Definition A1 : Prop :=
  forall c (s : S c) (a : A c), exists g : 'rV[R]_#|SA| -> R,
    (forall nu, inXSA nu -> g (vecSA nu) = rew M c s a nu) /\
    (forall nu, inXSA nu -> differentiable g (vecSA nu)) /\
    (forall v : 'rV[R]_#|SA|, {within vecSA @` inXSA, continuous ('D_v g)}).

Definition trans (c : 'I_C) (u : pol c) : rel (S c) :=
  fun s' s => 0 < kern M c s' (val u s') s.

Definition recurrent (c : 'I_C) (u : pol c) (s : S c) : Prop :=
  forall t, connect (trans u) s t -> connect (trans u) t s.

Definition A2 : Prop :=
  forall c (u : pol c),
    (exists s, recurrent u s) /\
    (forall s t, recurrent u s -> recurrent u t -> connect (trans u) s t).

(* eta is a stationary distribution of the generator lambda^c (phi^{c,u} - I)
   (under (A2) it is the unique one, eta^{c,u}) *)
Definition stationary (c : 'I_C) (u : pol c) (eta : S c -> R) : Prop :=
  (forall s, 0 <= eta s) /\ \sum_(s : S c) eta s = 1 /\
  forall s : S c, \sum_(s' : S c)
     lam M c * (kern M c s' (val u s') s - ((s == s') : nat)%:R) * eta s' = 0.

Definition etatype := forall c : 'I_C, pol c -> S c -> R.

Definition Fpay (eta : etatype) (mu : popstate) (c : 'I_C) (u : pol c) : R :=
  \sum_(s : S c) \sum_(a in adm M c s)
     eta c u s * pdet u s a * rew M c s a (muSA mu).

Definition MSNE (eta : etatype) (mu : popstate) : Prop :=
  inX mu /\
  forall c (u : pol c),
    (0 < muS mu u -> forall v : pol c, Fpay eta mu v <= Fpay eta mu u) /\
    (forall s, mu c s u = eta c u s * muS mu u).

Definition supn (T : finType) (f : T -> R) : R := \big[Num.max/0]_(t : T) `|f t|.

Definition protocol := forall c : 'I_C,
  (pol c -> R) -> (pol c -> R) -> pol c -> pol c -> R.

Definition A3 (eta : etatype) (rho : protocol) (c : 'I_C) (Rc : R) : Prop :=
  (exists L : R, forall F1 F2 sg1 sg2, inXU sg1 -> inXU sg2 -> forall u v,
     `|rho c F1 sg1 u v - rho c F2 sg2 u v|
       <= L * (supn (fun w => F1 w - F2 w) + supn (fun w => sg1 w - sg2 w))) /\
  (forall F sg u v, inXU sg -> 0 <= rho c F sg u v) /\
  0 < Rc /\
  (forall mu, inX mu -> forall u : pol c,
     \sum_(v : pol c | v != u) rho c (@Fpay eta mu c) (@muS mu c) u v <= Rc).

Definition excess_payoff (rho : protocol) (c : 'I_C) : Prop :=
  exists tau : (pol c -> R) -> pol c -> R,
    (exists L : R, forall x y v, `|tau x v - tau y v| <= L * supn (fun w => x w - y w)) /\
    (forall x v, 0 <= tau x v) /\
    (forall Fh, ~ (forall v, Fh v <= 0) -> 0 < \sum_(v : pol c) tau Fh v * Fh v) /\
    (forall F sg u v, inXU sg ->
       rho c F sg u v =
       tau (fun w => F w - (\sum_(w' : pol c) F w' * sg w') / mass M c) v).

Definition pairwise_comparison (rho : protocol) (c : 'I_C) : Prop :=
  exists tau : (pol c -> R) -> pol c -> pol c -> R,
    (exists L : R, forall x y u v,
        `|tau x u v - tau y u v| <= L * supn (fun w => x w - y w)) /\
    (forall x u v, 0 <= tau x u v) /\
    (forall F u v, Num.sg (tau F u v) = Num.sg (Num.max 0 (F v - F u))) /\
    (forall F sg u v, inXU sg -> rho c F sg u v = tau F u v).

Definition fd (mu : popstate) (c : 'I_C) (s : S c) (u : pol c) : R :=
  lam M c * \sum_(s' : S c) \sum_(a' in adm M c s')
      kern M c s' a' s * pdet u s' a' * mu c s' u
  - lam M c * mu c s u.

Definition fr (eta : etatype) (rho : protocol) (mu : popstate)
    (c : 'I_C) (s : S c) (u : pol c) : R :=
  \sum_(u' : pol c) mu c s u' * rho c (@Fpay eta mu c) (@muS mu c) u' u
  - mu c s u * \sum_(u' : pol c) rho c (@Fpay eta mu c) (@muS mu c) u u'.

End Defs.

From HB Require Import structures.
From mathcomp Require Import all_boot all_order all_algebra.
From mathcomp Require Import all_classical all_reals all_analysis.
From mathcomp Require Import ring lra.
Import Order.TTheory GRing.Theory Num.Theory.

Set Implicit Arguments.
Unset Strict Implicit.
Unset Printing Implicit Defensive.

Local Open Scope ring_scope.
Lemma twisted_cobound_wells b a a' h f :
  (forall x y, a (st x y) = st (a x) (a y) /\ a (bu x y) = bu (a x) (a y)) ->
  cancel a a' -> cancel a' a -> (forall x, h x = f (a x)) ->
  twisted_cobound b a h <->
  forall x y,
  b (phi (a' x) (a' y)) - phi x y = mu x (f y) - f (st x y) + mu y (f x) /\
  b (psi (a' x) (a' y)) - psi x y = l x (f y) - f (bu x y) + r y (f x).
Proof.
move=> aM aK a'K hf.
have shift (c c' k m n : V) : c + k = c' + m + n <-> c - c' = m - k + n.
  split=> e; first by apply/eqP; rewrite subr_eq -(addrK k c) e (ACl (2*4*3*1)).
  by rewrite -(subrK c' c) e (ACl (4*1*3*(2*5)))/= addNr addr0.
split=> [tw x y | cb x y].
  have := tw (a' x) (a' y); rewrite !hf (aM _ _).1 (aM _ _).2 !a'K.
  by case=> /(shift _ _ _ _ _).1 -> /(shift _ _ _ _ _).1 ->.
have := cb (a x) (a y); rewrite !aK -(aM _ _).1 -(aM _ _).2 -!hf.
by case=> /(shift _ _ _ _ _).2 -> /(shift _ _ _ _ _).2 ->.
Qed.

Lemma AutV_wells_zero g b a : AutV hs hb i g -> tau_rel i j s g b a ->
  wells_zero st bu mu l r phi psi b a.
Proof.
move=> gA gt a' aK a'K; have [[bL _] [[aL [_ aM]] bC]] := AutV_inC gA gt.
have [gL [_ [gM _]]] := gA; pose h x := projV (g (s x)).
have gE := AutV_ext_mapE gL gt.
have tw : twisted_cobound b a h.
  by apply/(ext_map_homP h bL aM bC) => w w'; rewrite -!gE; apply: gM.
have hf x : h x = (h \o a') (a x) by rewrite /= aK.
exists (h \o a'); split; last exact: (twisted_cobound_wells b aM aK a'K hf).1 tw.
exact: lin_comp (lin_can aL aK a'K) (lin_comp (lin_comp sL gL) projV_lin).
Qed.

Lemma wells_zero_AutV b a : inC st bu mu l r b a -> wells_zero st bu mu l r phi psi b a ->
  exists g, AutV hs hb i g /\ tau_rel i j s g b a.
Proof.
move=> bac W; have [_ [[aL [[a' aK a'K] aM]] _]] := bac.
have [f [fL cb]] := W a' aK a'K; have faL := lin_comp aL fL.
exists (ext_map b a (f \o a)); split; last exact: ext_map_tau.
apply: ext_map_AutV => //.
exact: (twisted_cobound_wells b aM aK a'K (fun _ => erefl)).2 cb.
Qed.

* * *

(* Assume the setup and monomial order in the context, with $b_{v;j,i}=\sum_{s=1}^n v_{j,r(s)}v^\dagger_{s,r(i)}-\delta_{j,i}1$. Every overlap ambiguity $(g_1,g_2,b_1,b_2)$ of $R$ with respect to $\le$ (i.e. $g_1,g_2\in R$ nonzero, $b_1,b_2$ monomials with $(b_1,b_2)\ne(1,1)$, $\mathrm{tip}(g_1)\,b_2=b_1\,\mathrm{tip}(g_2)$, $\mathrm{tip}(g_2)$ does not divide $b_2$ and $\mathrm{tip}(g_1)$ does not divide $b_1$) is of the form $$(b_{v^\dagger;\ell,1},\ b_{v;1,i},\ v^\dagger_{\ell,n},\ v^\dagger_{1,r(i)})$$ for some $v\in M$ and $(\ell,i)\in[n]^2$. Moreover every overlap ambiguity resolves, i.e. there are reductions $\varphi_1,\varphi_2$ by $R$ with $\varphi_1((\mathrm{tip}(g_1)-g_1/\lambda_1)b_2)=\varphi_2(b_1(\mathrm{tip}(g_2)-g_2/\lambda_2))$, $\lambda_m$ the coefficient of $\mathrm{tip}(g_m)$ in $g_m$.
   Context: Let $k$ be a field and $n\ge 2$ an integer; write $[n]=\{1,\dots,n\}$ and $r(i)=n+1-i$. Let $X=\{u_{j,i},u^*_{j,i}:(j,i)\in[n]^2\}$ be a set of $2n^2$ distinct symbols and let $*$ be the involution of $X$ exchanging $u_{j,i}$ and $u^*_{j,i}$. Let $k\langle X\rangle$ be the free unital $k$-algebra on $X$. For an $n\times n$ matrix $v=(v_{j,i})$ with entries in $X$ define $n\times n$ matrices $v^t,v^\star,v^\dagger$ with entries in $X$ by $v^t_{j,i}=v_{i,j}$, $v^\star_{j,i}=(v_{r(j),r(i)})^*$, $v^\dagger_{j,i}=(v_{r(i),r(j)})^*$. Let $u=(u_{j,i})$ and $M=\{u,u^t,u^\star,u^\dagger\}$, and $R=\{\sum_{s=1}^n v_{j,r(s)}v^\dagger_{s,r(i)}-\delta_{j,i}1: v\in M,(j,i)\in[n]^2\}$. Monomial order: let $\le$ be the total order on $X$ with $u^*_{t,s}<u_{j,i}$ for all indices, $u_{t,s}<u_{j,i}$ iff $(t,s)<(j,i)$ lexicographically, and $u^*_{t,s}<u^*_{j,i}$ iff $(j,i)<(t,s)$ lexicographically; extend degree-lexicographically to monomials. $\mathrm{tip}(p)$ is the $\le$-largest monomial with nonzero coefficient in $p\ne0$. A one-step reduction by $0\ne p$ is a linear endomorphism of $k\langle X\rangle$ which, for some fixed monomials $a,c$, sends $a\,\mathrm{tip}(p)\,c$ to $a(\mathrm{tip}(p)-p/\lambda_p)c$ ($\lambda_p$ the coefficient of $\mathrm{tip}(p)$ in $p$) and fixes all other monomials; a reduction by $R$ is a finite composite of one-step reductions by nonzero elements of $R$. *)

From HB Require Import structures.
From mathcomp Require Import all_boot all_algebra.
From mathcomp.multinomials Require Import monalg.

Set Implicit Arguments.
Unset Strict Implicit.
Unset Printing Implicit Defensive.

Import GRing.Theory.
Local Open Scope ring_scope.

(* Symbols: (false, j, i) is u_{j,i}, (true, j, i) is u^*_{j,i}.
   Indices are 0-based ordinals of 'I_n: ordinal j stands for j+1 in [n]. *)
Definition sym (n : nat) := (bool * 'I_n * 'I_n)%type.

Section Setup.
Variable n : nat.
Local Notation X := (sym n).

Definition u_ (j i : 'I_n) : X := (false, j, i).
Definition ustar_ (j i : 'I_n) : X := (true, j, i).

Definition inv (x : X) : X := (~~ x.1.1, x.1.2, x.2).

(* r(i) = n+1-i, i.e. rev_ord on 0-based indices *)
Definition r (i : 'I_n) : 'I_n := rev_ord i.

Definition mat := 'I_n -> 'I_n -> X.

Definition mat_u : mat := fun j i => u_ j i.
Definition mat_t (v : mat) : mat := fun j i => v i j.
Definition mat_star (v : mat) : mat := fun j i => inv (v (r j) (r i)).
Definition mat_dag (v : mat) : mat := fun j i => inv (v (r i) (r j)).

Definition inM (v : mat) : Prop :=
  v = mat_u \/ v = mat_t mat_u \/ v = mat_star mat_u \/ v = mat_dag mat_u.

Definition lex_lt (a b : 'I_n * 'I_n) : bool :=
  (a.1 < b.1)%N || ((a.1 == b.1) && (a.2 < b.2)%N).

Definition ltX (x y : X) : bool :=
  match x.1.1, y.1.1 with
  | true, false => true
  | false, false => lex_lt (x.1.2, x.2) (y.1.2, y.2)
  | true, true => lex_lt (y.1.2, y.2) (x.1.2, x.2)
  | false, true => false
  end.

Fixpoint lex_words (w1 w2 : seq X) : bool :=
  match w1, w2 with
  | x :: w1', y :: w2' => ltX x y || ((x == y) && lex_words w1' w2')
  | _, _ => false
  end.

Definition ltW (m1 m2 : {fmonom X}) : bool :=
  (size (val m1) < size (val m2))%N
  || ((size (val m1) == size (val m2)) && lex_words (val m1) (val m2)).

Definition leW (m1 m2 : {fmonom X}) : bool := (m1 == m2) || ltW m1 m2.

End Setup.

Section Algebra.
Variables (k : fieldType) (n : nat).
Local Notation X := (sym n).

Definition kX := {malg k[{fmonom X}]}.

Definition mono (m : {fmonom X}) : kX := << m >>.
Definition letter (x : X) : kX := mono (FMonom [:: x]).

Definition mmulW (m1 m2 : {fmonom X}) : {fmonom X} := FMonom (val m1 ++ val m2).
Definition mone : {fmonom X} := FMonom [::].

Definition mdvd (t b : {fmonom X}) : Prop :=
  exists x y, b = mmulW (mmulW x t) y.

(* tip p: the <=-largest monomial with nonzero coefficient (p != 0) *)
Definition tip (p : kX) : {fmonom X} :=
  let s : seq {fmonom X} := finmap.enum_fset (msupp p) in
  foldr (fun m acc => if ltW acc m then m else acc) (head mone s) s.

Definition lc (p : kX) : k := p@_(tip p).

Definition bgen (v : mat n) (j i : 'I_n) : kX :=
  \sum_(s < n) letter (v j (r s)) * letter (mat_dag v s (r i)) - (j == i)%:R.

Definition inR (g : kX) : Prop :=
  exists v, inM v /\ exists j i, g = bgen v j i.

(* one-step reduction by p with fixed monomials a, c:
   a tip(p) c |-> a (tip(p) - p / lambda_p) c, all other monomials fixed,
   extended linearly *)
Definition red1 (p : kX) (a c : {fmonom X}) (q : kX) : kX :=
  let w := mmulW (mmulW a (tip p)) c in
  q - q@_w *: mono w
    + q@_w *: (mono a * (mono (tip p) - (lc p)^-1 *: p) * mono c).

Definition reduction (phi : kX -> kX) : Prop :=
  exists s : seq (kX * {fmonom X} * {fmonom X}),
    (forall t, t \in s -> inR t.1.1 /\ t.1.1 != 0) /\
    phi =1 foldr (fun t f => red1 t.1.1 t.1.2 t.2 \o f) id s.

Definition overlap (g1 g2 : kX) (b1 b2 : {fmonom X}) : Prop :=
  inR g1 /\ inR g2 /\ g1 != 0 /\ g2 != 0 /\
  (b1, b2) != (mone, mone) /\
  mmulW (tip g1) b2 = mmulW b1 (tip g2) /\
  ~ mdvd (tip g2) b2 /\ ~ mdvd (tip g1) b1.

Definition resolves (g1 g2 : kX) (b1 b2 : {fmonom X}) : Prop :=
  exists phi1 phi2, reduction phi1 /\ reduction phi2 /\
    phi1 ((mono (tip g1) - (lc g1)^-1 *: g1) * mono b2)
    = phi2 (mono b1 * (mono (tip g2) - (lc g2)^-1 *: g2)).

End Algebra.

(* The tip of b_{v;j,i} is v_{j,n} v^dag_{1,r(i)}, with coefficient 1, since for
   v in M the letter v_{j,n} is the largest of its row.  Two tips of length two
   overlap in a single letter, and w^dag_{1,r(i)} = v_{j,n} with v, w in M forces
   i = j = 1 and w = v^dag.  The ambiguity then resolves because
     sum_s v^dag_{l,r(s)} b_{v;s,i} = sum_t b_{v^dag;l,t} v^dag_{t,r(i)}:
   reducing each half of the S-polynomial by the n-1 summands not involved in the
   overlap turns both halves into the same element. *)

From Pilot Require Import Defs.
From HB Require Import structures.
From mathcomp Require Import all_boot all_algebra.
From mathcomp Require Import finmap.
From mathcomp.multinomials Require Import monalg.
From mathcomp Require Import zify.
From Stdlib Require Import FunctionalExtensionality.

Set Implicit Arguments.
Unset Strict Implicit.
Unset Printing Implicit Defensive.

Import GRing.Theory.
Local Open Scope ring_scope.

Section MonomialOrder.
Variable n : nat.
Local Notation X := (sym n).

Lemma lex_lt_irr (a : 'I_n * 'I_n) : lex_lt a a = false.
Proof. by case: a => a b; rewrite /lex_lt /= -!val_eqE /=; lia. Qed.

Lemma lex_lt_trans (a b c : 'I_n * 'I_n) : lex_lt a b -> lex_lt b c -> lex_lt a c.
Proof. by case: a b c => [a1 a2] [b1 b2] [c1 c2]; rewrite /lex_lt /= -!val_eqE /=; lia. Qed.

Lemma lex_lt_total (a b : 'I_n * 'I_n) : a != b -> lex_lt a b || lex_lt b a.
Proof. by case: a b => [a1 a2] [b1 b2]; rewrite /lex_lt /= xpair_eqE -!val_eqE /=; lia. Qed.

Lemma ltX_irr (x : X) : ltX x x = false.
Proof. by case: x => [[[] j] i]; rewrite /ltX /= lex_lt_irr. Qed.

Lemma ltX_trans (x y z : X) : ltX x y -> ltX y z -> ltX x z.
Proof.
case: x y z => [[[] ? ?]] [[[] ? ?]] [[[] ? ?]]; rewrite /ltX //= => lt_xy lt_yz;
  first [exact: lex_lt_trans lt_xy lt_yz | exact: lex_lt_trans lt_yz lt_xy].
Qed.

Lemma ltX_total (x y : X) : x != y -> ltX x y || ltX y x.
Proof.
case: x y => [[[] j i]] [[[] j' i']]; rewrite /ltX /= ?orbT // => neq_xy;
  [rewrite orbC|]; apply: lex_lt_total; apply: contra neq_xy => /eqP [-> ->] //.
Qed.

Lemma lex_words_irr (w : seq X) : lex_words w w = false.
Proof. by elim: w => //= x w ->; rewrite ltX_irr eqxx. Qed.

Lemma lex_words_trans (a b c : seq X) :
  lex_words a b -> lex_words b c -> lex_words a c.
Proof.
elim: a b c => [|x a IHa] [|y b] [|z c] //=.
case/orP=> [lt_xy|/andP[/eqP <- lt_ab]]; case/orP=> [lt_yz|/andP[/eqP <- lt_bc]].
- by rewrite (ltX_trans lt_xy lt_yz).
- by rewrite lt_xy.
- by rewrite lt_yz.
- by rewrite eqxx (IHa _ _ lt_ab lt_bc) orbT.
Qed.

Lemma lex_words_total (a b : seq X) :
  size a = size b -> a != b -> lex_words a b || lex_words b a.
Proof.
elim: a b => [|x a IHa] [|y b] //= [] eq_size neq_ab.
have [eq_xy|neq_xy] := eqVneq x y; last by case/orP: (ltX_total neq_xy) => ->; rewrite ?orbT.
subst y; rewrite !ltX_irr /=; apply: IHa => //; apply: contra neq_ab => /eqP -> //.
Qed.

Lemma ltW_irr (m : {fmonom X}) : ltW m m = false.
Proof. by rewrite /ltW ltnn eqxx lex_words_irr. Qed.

--

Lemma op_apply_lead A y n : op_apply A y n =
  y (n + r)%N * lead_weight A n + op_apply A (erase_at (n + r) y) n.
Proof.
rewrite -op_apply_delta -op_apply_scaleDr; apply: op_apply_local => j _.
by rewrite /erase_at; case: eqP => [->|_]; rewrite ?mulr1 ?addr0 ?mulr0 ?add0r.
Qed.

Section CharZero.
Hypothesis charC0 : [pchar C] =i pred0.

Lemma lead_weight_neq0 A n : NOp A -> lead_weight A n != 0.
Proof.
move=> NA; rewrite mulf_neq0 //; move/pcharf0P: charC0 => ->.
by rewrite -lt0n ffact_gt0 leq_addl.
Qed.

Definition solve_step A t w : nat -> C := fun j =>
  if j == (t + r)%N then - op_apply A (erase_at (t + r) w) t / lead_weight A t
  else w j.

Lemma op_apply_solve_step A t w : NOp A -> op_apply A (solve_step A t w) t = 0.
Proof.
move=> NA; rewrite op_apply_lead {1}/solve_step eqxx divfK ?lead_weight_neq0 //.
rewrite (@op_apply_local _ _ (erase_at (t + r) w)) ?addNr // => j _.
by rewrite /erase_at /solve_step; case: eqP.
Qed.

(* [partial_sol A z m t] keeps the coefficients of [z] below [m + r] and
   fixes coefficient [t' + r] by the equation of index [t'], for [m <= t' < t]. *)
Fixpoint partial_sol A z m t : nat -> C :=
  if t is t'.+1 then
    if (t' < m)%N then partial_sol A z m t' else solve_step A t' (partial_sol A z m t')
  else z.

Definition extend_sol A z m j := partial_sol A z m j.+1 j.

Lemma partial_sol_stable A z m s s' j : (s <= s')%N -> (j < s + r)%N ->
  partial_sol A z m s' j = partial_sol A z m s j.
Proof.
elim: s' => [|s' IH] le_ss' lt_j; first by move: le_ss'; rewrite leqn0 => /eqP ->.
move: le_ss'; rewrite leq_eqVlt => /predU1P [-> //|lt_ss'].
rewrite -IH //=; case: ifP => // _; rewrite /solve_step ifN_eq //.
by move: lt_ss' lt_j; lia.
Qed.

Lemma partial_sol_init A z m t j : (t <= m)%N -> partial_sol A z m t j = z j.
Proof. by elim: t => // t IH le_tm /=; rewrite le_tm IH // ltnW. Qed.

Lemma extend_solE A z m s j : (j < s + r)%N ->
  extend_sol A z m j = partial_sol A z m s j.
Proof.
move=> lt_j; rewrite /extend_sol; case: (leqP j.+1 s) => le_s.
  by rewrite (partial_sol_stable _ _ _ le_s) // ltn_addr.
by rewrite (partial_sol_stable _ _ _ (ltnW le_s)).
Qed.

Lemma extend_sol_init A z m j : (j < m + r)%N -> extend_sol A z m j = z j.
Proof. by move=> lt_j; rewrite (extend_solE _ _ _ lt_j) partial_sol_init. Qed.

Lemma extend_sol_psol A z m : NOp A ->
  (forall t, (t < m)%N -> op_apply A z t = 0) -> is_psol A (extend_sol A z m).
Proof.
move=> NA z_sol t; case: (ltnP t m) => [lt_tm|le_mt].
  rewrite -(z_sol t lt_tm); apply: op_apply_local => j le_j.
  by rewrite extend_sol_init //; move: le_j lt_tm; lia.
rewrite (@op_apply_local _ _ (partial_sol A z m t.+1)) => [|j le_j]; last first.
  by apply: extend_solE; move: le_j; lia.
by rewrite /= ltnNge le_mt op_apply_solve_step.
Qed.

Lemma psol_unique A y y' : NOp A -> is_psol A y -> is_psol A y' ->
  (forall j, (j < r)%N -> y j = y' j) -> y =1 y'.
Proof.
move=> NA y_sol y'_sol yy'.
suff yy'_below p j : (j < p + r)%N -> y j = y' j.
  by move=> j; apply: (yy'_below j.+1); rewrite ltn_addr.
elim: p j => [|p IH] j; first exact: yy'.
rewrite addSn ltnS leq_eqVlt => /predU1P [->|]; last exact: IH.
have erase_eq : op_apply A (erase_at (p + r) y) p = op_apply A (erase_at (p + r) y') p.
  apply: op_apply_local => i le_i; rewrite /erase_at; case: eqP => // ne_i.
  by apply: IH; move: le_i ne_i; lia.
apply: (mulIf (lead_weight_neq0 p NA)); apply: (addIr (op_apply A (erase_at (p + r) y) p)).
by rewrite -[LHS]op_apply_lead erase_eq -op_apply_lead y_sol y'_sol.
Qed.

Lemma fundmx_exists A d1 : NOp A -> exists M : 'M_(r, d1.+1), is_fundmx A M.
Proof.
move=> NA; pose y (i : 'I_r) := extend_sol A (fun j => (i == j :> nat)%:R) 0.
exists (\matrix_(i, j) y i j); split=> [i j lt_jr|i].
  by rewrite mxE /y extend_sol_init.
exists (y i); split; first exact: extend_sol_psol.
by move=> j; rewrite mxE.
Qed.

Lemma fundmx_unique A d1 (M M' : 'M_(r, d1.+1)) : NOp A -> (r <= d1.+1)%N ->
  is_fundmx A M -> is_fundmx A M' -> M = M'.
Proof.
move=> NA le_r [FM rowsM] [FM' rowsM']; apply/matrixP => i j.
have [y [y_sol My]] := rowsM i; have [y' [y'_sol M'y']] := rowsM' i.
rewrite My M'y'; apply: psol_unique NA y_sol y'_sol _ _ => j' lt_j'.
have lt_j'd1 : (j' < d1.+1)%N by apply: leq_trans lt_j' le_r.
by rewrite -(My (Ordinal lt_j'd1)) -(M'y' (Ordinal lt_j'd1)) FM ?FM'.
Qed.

- What needs to be done
An exact, complete copy of the lines above from the one with "Definition A1 : Prop" through the one with "inXSA, continuous ('D_v" is the whole answer.

- Answer to this exercise
Definition A1 : Prop :=
  forall c (s : S c) (a : A c), exists g : 'rV[R]_#|SA| -> R,
    (forall nu, inXSA nu -> g (vecSA nu) = rew M c s a nu) /\
    (forall nu, inXSA nu -> differentiable g (vecSA nu)) /\
    (forall v : 'rV[R]_#|SA|, {within vecSA @` inXSA, continuous ('D_v g)}).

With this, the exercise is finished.